Pele at the top

Published : Mar 29, 2012 00:00 IST

The legend from Brazil, in fact, could from his teenaged years do pretty well everything and anything; head goals, shoot goals, make them for other people, perform at times the most extraordinary acrobatics.

Pele still the best of all time? Well, comparisons are odious as we all know, but those remarkable five goals so splendidly scored by Lionel Messi for Barcelona at Nou Camp against Bayer Leverkusen, no mean adversary, have prompted many to claim the 24-year-old Argentine to be the finest of all footballers.

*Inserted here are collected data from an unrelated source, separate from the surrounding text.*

Lemma solid_grad_off_axis N l A x0 x1 x2 : (1 <= N)%nat -> (l <= N)%nat ->
  angular_factor l A -> 0 < rho x1 x2 ->
  exists d0 d1 d2,
    dpl (fun t => solid N l A t x1 x2) x0 d0 /\
    dpl (fun t => solid N l A x0 t x2) x1 d1 /\
    dpl (fun t => solid N l A x0 x1 t) x2 d2 /\
    d0 ^ 2 + d1 ^ 2 + d2 ^ 2 <= grad_bound N l (rad x0 x1 x2) ^ 2.
Proof.
  intros HN Hl HA Hrh.
  destruct (HA x1 x2 Hrh) as [g [HH [Hg Hpath]]].
  set (r := rad x0 x1 x2). set (c := cos_th1 x0 x1 x2).
  set (D := polar_dir_deriv (INR N) r (r ^ pred N) (rho x1 x2) x0 x1 x2
              (assocLegendre N l c) (assocLegendreD N l c) (A x1 x2) g).
  exists (D 1 0 0), (D 0 1 0), (D 0 0 1). split; [|split; [|split]].
  - apply (solid_path_deriv N l A g (fun s => s) (fun _ => x1) (fun _ => x2)); try apply Hpath; auto using dpl_id, dpl_const.
  - apply (solid_path_deriv N l A g (fun _ => x0) (fun s => s) (fun _ => x2)); try apply Hpath; auto using dpl_id, dpl_const.
  - apply (solid_path_deriv N l A g (fun _ => x0) (fun _ => x1) (fun s => s)); try apply Hpath; auto using dpl_id, dpl_const.
  - pose proof (rad_pos x0 x1 x2 Hrh) as Hr. fold r in Hr.
    pose proof (cos_th1_bounds x0 x1 x2 Hrh) as Hc. fold c in Hc.
    pose proof (sin_th1_sq x0 x1 x2 Hrh) as Hs. fold r c in Hs.
    unfold D. rewrite polar_grad_norm_sq; [| exact Hr | exact Hrh | apply rad_sq | apply rho_sq].
    rewrite grad_bound_sq. fold r. rewrite <- Hs.
    destruct (assocLegendre_bound N l c HN Hl Hc) as [B1 B2].
    set (M := INR (fact (N + l)) / INR (fact (N - l))) in *.
    set (P := assocLegendre N l c) in *. set (H := A x1 x2) in *.
    replace (r ^ 2 * P ^ 2 * g ^ 2 / rho x1 x2 ^ 2)
      with ((1 - H ^ 2) * (INR l ^ 2 * P ^ 2 / (1 - c ^ 2))).
    2:{ rewrite Hg, Hs. field. split; lra. }
    assert (H ^ 2 * (INR N ^ 2 * P ^ 2 + (1 - c ^ 2) * assocLegendreD N l c ^ 2)
              + (1 - H ^ 2) * (INR l ^ 2 * P ^ 2 / (1 - c ^ 2)) <= INR N ^ 2 * M).
    { pose proof (pow2_ge_0 H).
      apply Rle_trans with (H ^ 2 * (INR N ^ 2 * M) + (1 - H ^ 2) * (INR N ^ 2 * M)); [|lra].
      apply Rplus_le_compat; apply Rmult_le_compat_l; lra. }
    rewrite (Rmult_comm (INR N ^ 2 * M)).
    apply Rmult_le_compat_l; [apply pow2_ge_0 | assumption].
Qed.

(** * The axis *)

(* A derivative at [0] is bounded by [K 0] as soon as nearby derivatives are bounded by a
   function [K] continuous at [0]: by the mean value theorem the difference quotients are
   values of nearby derivatives. *)
Lemma dpl_bound_of_nearby (g K : R -> R) d :
  dpl g 0 d -> continuity_pt K 0 ->
  (forall t, t <> 0 -> exists e, dpl g t e /\ Rabs e <= K t) ->
  Rabs d <= K 0.
Proof.
  intros Hd HK Hg.
  destruct (Rle_dec (Rabs d) (K 0)) as [ok|nok]; auto. exfalso.
  set (eps := (Rabs d - K 0) / 2).
  assert (Heps : 0 < eps) by (unfold eps; lra).
  destruct (HK eps Heps) as [d1 [Hd1 HK1]].
  destruct (Hd eps Heps) as [d2 Hd2].
  set (h := Rmin d1 d2 / 2).
  assert (Hh : 0 < h /\ h < d1 /\ h < d2).
  { pose proof (cond_pos d2). unfold h, Rmin. destruct (Rle_dec d1 d2); lra. }
  set (g' := fun c => match Req_EM_T c 0 with
                      | left _ => d
                      | right Hc => proj1_sig (constructive_indefinite_description _ (Hg c Hc))
                      end).
  assert (Hg' : forall c, c <> 0 -> dpl g c (g' c) /\ Rabs (g' c) <= K c).
  { intros c Hc. unfold g'. destruct (Req_EM_T c 0) as [E|E]; [contradiction|].
    exact (proj2_sig (constructive_indefinite_description _ (Hg c E))). }
  assert (Hdiff : forall c, 0 <= c <= h -> dpl g c (g' c)).
  { intros c _. destruct (Req_dec c 0) as [->|E]; [|apply Hg'; auto].
    unfold g'. destruct (Req_EM_T 0 0); [exact Hd | contradiction]. }
  destruct (MVT_cor2 g g' 0 h (proj1 Hh) Hdiff) as [c [Ec Hc]].
  assert (Hgc : Rabs (g' c) < K 0 + eps).
  { destruct (Hg' c ltac:(lra)) as [_ Hb].
    assert (Rabs (K c - K 0) < eps).
    { destruct (Req_dec c 0); [lra|].
      apply (HK1 c). split; [split; [exact I | auto] |].
      simpl. unfold R_dist. rewrite Rminus_0_r, Rabs_pos_eq; lra. }
    apply Rabs_def2 in H. lra. }
  assert (Hq : Rabs ((g (0 + h) - g 0) / h - d) < eps).
  { apply Hd2; [lra | rewrite Rabs_pos_eq; lra]. }
  rewrite Rplus_0_l, Ec in Hq. replace (g' c * (h - 0) / h) with (g' c) in Hq by (field; lra).
  pose proof (Rabs_triang (g' c) (d - g' c)). replace (g' c + (d - g' c)) with d in H by ring.
  rewrite Rabs_minus_sym in H. unfold eps in *. lra.
Qed.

With all due respect to the greatly gifted Messi, each of whose five goals was a different delight, whether chipped in, lobbed in or scored after gliding effortlessly through the opposing defence, I'm not inclined to enthrone him as the greatest of all. This despite the way his supremely prolific exploits, his superabundance of goals, are tribute to sheer skill, technical aplomb, anticipation and pace. For physically, and this says so much of football as a physically democratic game, there is not very much of him. He is slim, he isn't tall. And I suppose we might say in parenthesis that for all his cornucopia of goals, very few of them come from outside rather than the inside of his head. To his immense credit he can never be intimidated, not even by the ferocious likes of Real Madrid's notorious Pepe. He simply, when fouled, picks himself up and gets on with the game. Never looking for revenge, other perhaps than in the shape of goals, unlike Pele, who was well known in the vernacular or being able to take care of himself. Kick him, and you would usually be kicked right back and harder. Nor was that other celebrated Argentine, Diego Maradona, an angel, though he suffered appallingly at the hands or boots of such players as Italy's ruthless Claudio Gentile in the 1982 World Cup, and the villain who smashed up his knee in Spain then had the effrontery to place the boot, which had inflicted such severe damage, enclosed in a glass case.

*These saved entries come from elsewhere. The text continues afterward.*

Lemma cheb_affine_bounded_poly ts d : 0 < ts ->
  bounded_poly d ((4 / ts + 3) ^ d) (fun x => cheb d (2 * x / ts - 1)).
Proof.
  intros Hts. set (K := 4 / ts + 3).
  assert (Hts' : 0 < / ts) by (apply Rinv_0_lt_compat; lra).
  assert (HK : 1 <= K) by (unfold K, Rdiv; lra).
  assert (Hm1 : Rabs (-1) = 1) by (rewrite Rabs_left; lra).
  assert (Hm2 : Rabs (-2) = 2) by (rewrite Rabs_left; lra).
  assert (H0 : bounded_poly 0 (K ^ 0) (fun x => cheb 0 (2 * x / ts - 1))).
  { apply (bounded_poly_weaken 0 0 (Rabs 1)); [lia | rewrite Rabs_R1; simpl; lra |].
    apply bounded_poly_const. }
  assert (H1 : bounded_poly 1 (K ^ 1) (fun x => cheb 1 (2 * x / ts - 1))).
  { apply (bounded_poly_ext _ _ (fun x => -1 + 2 / ts * (x * 1))); [intros; simpl; field; lra|].
    apply (bounded_poly_weaken 1 1 (Rabs (-1) + Rabs (2 / ts) * Rabs 1)); [lia| |].
    - rewrite Hm1, Rabs_R1, Rabs_right by (apply Rle_ge; unfold Rdiv; lra).
      unfold K, Rdiv. simpl. lra.
    - apply bounded_poly_add.
      + apply (bounded_poly_weaken 0 1 (Rabs (-1))); [lia | lra | apply bounded_poly_const].
      + apply bounded_poly_scal, bounded_poly_mulx, bounded_poly_const. }
  enough (H : bounded_poly d (K ^ d) (fun x => cheb d (2 * x / ts - 1)) /\
              bounded_poly (S d) (K ^ S d) (fun x => cheb (S d) (2 * x / ts - 1)))
    by apply H.
  induction d as [|d [IH1 IH2]]; [auto|]. split; auto.
  apply (bounded_poly_ext _ _ (fun x =>
    4 / ts * (x * cheb (S d) (2 * x / ts - 1)) + -2 * cheb (S d) (2 * x / ts - 1)
    + -1 * cheb d (2 * x / ts - 1))).
  { intros x. change (cheb (S (S d)) (2 * x / ts - 1)) with
      (2 * (2 * x / ts - 1) * cheb (S d) (2 * x / ts - 1) - cheb d (2 * x / ts - 1)).
    field. lra. }
  apply (bounded_poly_weaken (S (S d)) (S (S d))
    (Rabs (4 / ts) * K ^ S d + Rabs (-2) * K ^ S d + Rabs (-1) * K ^ d)); [lia| |].
  - rewrite Hm1, Hm2, Rabs_right by (apply Rle_ge; unfold Rdiv; lra).
    assert (0 < K ^ d) by (apply pow_lt; lra).
    simpl. replace (4 / ts) with (K - 3) by (unfold K; ring). nra.
  - apply bounded_poly_add; [apply bounded_poly_add|].
    + apply bounded_poly_scal, bounded_poly_mulx, IH2.
    + apply (bounded_poly_weaken (S d) _ (Rabs (-2) * K ^ S d)); [lia | lra |].
      apply bounded_poly_scal, IH2.
    + apply (bounded_poly_weaken d _ (Rabs (-1) * K ^ d)); [lia | lra |].
      apply bounded_poly_scal, IH1.
Qed.

Definition nat_dist (m m' : nat) : nat := ((m - m') + (m' - m))%nat.

Lemma cos_nat_dist m m' t : cos ((INR m - INR m') * t) = cos (INR (nat_dist m m') * t).
Proof.
  unfold nat_dist. destruct (Nat.le_ge_cases m' m).
  - replace (m' - m)%nat with 0%nat by lia. rewrite Nat.add_0_r, minus_INR by lia. reflexivity.
  - replace (m - m')%nat with 0%nat by lia. rewrite Nat.add_0_l, minus_INR by lia.
    rewrite <- cos_neg. f_equal. ring.
Qed.

Definition jackson_cheb (n : nat) (g : R -> R) (y : R) : R :=
  / (INR (S (S n)) * jackson_sum_sq n) *
  sum_f_R0 (fun j => sum_f_R0 (fun m => sum_f_R0 (fun m' =>
    g (node n j) * jackson_coef n m * jackson_coef n m' * cos ((INR m - INR m') * node n j)
      * cheb (nat_dist m m') y) n) n) (S n).

Lemma jackson_op_cheb n g t : jackson_op n g t = jackson_cheb n g (cos t).
Proof.
  unfold jackson_op, jackson_cheb. f_equal. apply sum_eq; intros j _.
  unfold jackson_kernel, Rdiv. rewrite <- plus_sum, sum_f_R0_mul_r, sum_f_R0_mul_l.
  apply sum_eq; intros m _. rewrite <- plus_sum, sum_f_R0_mul_r, sum_f_R0_mul_l.
  apply sum_eq; intros m' _.
  rewrite cheb_cos, <- cos_nat_dist.
  replace ((INR m - INR m') * (t - node n j))
    with ((INR m - INR m') * t - (INR m - INR m') * node n j) by ring.
  replace ((INR m - INR m') * (t + node n j))
    with ((INR m - INR m') * t + (INR m - INR m') * node n j) by ring.
  rewrite cos_minus, cos_plus. field.
Qed.

Lemma jackson_coef_bound n m : (m <= n)%nat -> Rabs (jackson_coef n m) <= (INR n + 1) ^ 2.
Proof.
  intros H. unfold jackson_coef. assert (INR m <= INR n) by (apply le_INR; auto).
  pose proof (pos_INR m).
  rewrite Rabs_right by (apply Rle_ge, Rmult_le_pos; lra).
  simpl. apply Rmult_le_compat; lra.
Qed.

Lemma jackson_cheb_coef_bound n m m' a G u : (m <= n)%nat -> (m' <= n)%nat ->
  Rabs a <= G -> Rabs (a * jackson_coef n m * jackson_coef n m' * cos u) <= G * (INR n + 1) ^ 4.
Proof.
  intros Hm Hm' Ha. rewrite !Rabs_mult.
  pose proof (jackson_coef_bound n m Hm). pose proof (jackson_coef_bound n m' Hm').
  assert (Rabs (cos u) <= 1) by apply Rabs_le, COS_bound.
  replace (G * (INR n + 1) ^ 4) with (G * (INR n + 1) ^ 2 * (INR n + 1) ^ 2 * 1) by ring.
  repeat (apply Rmult_le_compat; try (repeat apply Rmult_le_pos); auto using Rabs_pos).
Qed.

Lemma jackson_cheb_bounded_poly ts n g G : 0 < ts ->
  (forall j, Rabs (g (node n j)) <= G) ->
  bounded_poly n (G * (INR n + 1) ^ 6 * (4 / ts + 3) ^ n)
    (fun x => jackson_cheb n g (2 * x / ts - 1)).
Proof.
  intros Hts Hg. set (K := 4 / ts + 3).
  assert (HK : 1 <= K) by (unfold K, Rdiv; pose proof (Rinv_0_lt_compat ts Hts); lra).
  set (N := INR (S (S n))). set (Sq := jackson_sum_sq n).
  assert (HN : 0 < N) by (apply lt_0_INR; lia).
  assert (HSq : 1 <= Sq) by apply jackson_sum_sq_ge1.
  assert (HG : 0 <= G) by (eapply Rle_trans; [apply Rabs_pos | apply (Hg 0%nat)]).
  pose proof (pos_INR n) as Hn.
  set (B := G * (INR n + 1) ^ 4 * K ^ n).
  assert (Hterm : forall j m m', (m <= n)%nat -> (m' <= n)%nat -> bounded_poly n B (fun x =>
    g (node n j) * jackson_coef n m * jackson_coef n m' * cos ((INR m - INR m') * node n j)
      * cheb (nat_dist m m') (2 * x / ts - 1))).
  { intros j m m' Hm Hm'.
    apply (bounded_poly_weaken (nat_dist m m') n (G * (INR n + 1) ^ 4 * K ^ nat_dist m m'));
      [unfold nat_dist; lia | |].
    - apply Rmult_le_compat_l; [apply Rmult_le_pos; [lra | apply pow_le; lra] |].
      apply Rle_pow; [lra | unfold nat_dist; lia].
    - apply (bounded_poly_weaken (nat_dist m m') _ (Rabs (g (node n j) * jackson_coef n m *
        jackson_coef n m' * cos ((INR m - INR m') * node n j)) * K ^ nat_dist m m')); [lia| |].
      + apply Rmult_le_compat_r; [apply pow_le; lra | apply jackson_cheb_coef_bound; auto].
      + apply bounded_poly_scal, cheb_affine_bounded_poly, Hts. }
  apply (bounded_poly_weaken n n (Rabs (/ (N * Sq)) *
    sum_f_R0 (fun j => sum_f_R0 (fun m => sum_f_R0 (fun m' => B) n) n) (S n))); [lia | |].
  - rewrite !sum_cte, Rabs_right by (apply Rle_ge, Rlt_le, Rinv_0_lt_compat; nra).
    fold N. rewrite S_INR.
    replace (/ (N * Sq) * (B * (INR n + 1) * (INR n + 1) * N))
      with (/ Sq * (G * (INR n + 1) ^ 6 * K ^ n)) by (unfold B; field; lra).
    assert (0 <= G * (INR n + 1) ^ 6 * K ^ n)
      by (apply Rmult_le_pos; [apply Rmult_le_pos|]; auto; apply pow_le; lra).
    assert (/ Sq <= 1) by (rewrite <- Rinv_1; apply Rinv_le_contravar; lra).
    nra.
  - apply bounded_poly_scal. apply bounded_poly_sum; intros j Hj.
    apply bounded_poly_sum; intros m Hm. apply bounded_poly_sum; intros m' Hm'.
    apply Hterm; auto.
Qed.

Lemma Rabs_cos_sub_le t s sg : (sg = 1 \/ sg = -1) ->
  Rabs (cos t - cos s) <= 2 * Rabs (sin ((t + sg * s) / 2)).
Proof.
  intros Hsg. rewrite form2, !Rabs_mult.
  replace (Rabs (-2)) with 2 by (rewrite Rabs_left; lra).
  pose proof (Rabs_le _ 1 (SIN_bound ((t - s) / 2))).
  pose proof (Rabs_le _ 1 (SIN_bound ((t + s) / 2))).
  pose proof (Rabs_pos (sin ((t - s) / 2))). pose proof (Rabs_pos (sin ((t + s) / 2))).
  destruct Hsg as [-> | ->].
  - rewrite Rmult_1_l. nra.
  - replace (t + -1 * s) with (t - s) by ring. nra.
Qed.

Lemma cos_param_range ts t : 0 <= ts -> 0 <= ts * (1 + cos t) / 2 <= ts.
Proof. intros Hts. pose proof (COS_bound t). split; nra. Qed.

Lemma cos_param_onto ts th : 0 < ts -> 0 <= th <= ts ->
  exists t, ts * (1 + cos t) / 2 = th.
Proof.
  intros Hts Hth. exists (acos (2 * th / ts - 1)).
  assert (0 <= th / ts <= 1).
  { split; [apply Rdiv_le_0_compat; lra |].
    apply (Rmult_le_reg_r ts); [lra |]. unfold Rdiv. rewrite Rmult_assoc, Rinv_l; lra. }
  rewrite cos_acos; [field; lra | unfold Rdiv in *; lra].
Qed.

Lemma lipschitz_cos_param ts h L : 0 <= ts -> 0 <= L ->
  (forall a b, 0 <= a <= ts -> 0 <= b <= ts -> Rabs (h a - h b) <= L * Rabs (a - b)) ->
  forall t s sg, (sg = 1 \/ sg = -1) ->
    Rabs (h (ts * (1 + cos t) / 2) - h (ts * (1 + cos s) / 2))
      <= L * ts * Rabs (sin ((t + sg * s) / 2)).
Proof.
  intros Hts HL Hh t s sg Hsg.
  eapply Rle_trans; [apply Hh; apply cos_param_range; auto|].
  replace (ts * (1 + cos t) / 2 - ts * (1 + cos s) / 2) with (ts / 2 * (cos t - cos s))
    by field.
  rewrite Rabs_mult, (Rabs_right (ts / 2)) by lra.
  pose proof (Rabs_cos_sub_le t s sg Hsg).
  replace (L * ts * Rabs (sin ((t + sg * s) / 2)))
    with (L * (ts / 2 * (2 * Rabs (sin ((t + sg * s) / 2))))) by field.
  apply Rmult_le_compat_l; [lra|]. apply Rmult_le_compat_l; lra.
Qed.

But speaking of Maradona, Argentina's inspiration and hero of the 1986 World Cup finals in Mexico, author there of two stupendous solo goals at the Azteca against England and Belgium, we came to the most recent World Cup, in South Africa where Maradona in his alas chaotic way managed the Argentine team in which Messi, after a fairly bright beginning, did little of major note.

After that World Cup, Messi insisted he was satisfied with his form and he gave no blame to Maradona. But there were those who felt that Diego hadn't made the best of him, had restrained him by using him too wide rather than giving him the roving commission he fulfils so well and might even, consciously or unconsciously, have felt envious of him.

There is no doubt that Argentina could never have won the 1986 World Cup without Maradona, and though playing virtually on one leg, he still helped them to the subsequent final in Rome in 1990.

We then have to ask ourselves, though, to what extent is the World Cup the ultimate criterion? In Pele's case of course it is an irrefutable proof of his glorious talents. I was privileged enough to see him in two World Cup finals won by Brazil. The first as an amazingly precocious 17-year-old, in Stockholm, against Sweden, having in the semifinal scored three goals against an admittedly 10-man French team.

The goals he scored in the final with such cool precocity live in the memory. The first a masterpiece of casual jugglery in the thick of the Swedish penalty area, the second a towering leap, all five foot eight of him, to head a Brazilian goal. A leap remembered when he soared aloft in Mexico City to head the first Brazilian goal of the 1970 World Cup final against Italy, a game he rounded off with two perfect diagonal passes to the right prompting two more Brazilian goals.

Pele, in fact, could from his teenaged years do pretty well everything and anything; head goals, shoot goals, make them for other people, perform at times the most extraordinary acrobatics. A phenomenon.

In second place in this role of honour I would unhesitatingly place yet another Argentine in Alfredo di Stefano, though he scarcely played for Argentina before, like many of his compatriots, slipping off to Colombia, at that time out of FIFA so their clubs such as Millonarios could lure players without salaries or the payment of a transfer fee.

When Colombia re-entered FIFA, di Stefano was off to Spain where both those historic rivals Barcelona and Real Madrid claimed him but Barcelona no doubt to their eternal regret allowed him to stay with Real. Where he became the inspiration, emblem and autocrat of a team which, thanks in huge measure to him, won all the first five European Cups.

To call di Stefano a mere centre forward wasn't telling the half of it. He was ubiquitous, perpetual motion, playing Total Football before anyone had thought of it, now popping up to clear from his own penalty area, now striking for goal at the other end. Late in his career at the 1962 World Cup in Chile when he was naturalised, Spain tried to use him but he plainly wouldn't play for another grand egotist and Argentinean in the manager, Helenio Herrera. But he hardly had to play in a World Cup to display his immense talents. All those runs, all those passes, all those goals.